Basic config

connector_type: kafka
bootstrap_server: "localhost:9092"
topic: topic_name
topics: ['topic_name1', 'topic_name2']  # Optional. Used for specifying multiple topics.
consumer_group: unique_consumer_group
include_metadata: false
api_version: "0.10.2"
batch_size: 100
timeout_ms: 500

SSL authentication

security_protocol: "SSL"
ssl_config:
  cafile: "CARoot.pem"
  certfile: "certificate.pem"
  keyfile: "key.pem"
  password: password
  check_hostname: true

SASL authentication

security_protocol: "SASL_SSL"
sasl_config:
  mechanism: "PLAIN"
  username: username
  password: password

Data format

By default, if include_metadata is false, the kafka data loader returns data from value field, e.g.

{"location": "klamath", "scientist": "anderson", "count": 23}

Kafka supports structuring and partitioning your data.

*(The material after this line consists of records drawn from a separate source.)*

(* Induction on n - size s: in the expansion of X_{P_s}, every edge set but the
   full one has more components than s has parts. *)
Lemma in_XP_span_powersum_prod s :
  (0 < n)%N -> all (fun k => 0 < k)%N s -> sumn s = n -> in_XP_span (powersum_prod n s).
Proof.
move=> n_gt0; move: {2}(n - size s)%N.+1 (ltnSn (n - size s)) => m.
elim: m s => // m IH s lt_m s_gt0 sum_s.
have [t t_partn perm_t] := partn_of_composition s_gt0 sum_s.
set l := Defs.shape t in perm_t; set E := path_edges l.
have l_gt0 : all (fun k => 0 < k)%N l by apply: shape_gt0.
have card_W : #|pu_vert l| = n by rewrite pu_vert_card sumn_shape.
rewrite -(powersum_prod_perm _ perm_t) -(powersum_prod_perm _ (comp_sizes_path_edges l_gt0)).
have := chrom_incl_excl n_gt0 (pu_edgeE (l := l)); rewrite -/(XP n t) (bigD1 E) //=.
set rest := \sum_(S | _) _ => XP_E.
have -> : powersum_prod n (comp_sizes E) = (-1) ^+ #|E| *: (XP n t + (-1) *: rest).
  by rewrite XP_E scaleN1r addrK scalerA -exprMn mulrNN mulr1 expr1n scale1r.
apply/in_XP_spanZ/in_XP_spanD; first exact: in_XP_span_XP.
apply/in_XP_spanZ/in_XP_span_sum => S /andP [sub_S S_neq]; apply/in_XP_spanZ/IH.
- have := roots_path_edges_gt l_gt0 sub_S S_neq.
  rewrite -size_comp_sizes (perm_size perm_t) => lt_size.
  have le_n : (size (comp_sizes S) <= n)%N.
    by rewrite -card_W -(sumn_comp_sizes S) size_le_sumn ?comp_sizes_gt0.
  rewrite ltnS in lt_m; apply: leq_trans lt_m.
  by rewrite ltn_sub2l // (leq_trans lt_size le_n).
- exact: comp_sizes_gt0.
- by rewrite sumn_comp_sizes.
Qed.

End Span.

Lemma in_XP_span_one_empty : in_XP_span (1 : {mpoly rat[0]}).
Proof.
exists (fun=> 1); rewrite (big_pred1 [tuple]) => [|t]; last first.
  by rewrite tuple0; apply/esym/eqP.
by rewrite scale1r /XP chrom_card0 // pu_vert_card sumn_shape.
Qed.

Lemma in_XP_span_chrom (V : finType) (e : rel V) :
  ssrbool.symmetric e -> in_XP_span (chrom e #|V|).
Proof.
move=> e_sym; case: (posnP #|V|) => [V0|V_gt0].
  by rewrite chrom_card0 //; move: #|V| V0 => n ->; apply: in_XP_span_one_empty.
rewrite (@chrom_incl_excl _ _ [set p | e p.1 p.2]) //; last first.
  by move=> x y; rewrite /edge_rel !inE /= (e_sym y x) orbb.
apply: in_XP_span_sum => S _; apply/in_XP_spanZ/in_XP_span_powersum_prod => //.
- exact: comp_sizes_gt0.
- exact: sumn_comp_sizes.
Qed.

Definition mnm_ones (N : nat) : 'X_{1..N} := [multinom 1%N | i < N].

If include_metadata is set to true, the kafka data loader returns these elements as messages with data = {key: value} and metadata with (topic, partition, offset and time), e.g.

message = {
    "data": {"location": "klamath", "scientist": "anderson", "count": 23},
    "metadata": {
      "key": "bees",
      "partition": 0,
      "offset": 6,
      "time": 1693396630163,  # timestamp with ms precision (Wed Aug 30 2023 11:57:10 GMT+0)
      "topic": "census",
    }}

Deserialize message with protobuf schema

serde_config:
  serialization_method: PROTOBUF
  schema_classpath: "path.to.schema.SchemaClass"
  • Specify the serialization_method to PROTOBUF.
  • Set the schema_classpath to the path to the Python schema class. Test whether you have access the the schema with the code in a scratchpad.
    from path.to.schema import SchemaClass
    

Pass raw message to transformer

serde_config:
  serialization_method: RAW_VALUE

Deserialize message with Avro schema in Confluent schema registry

serde_config:
  serialization_method: AVRO
  schema_registry_url: https://schema_registry_url
  schema_registry_username: username
  schema_registry_password: password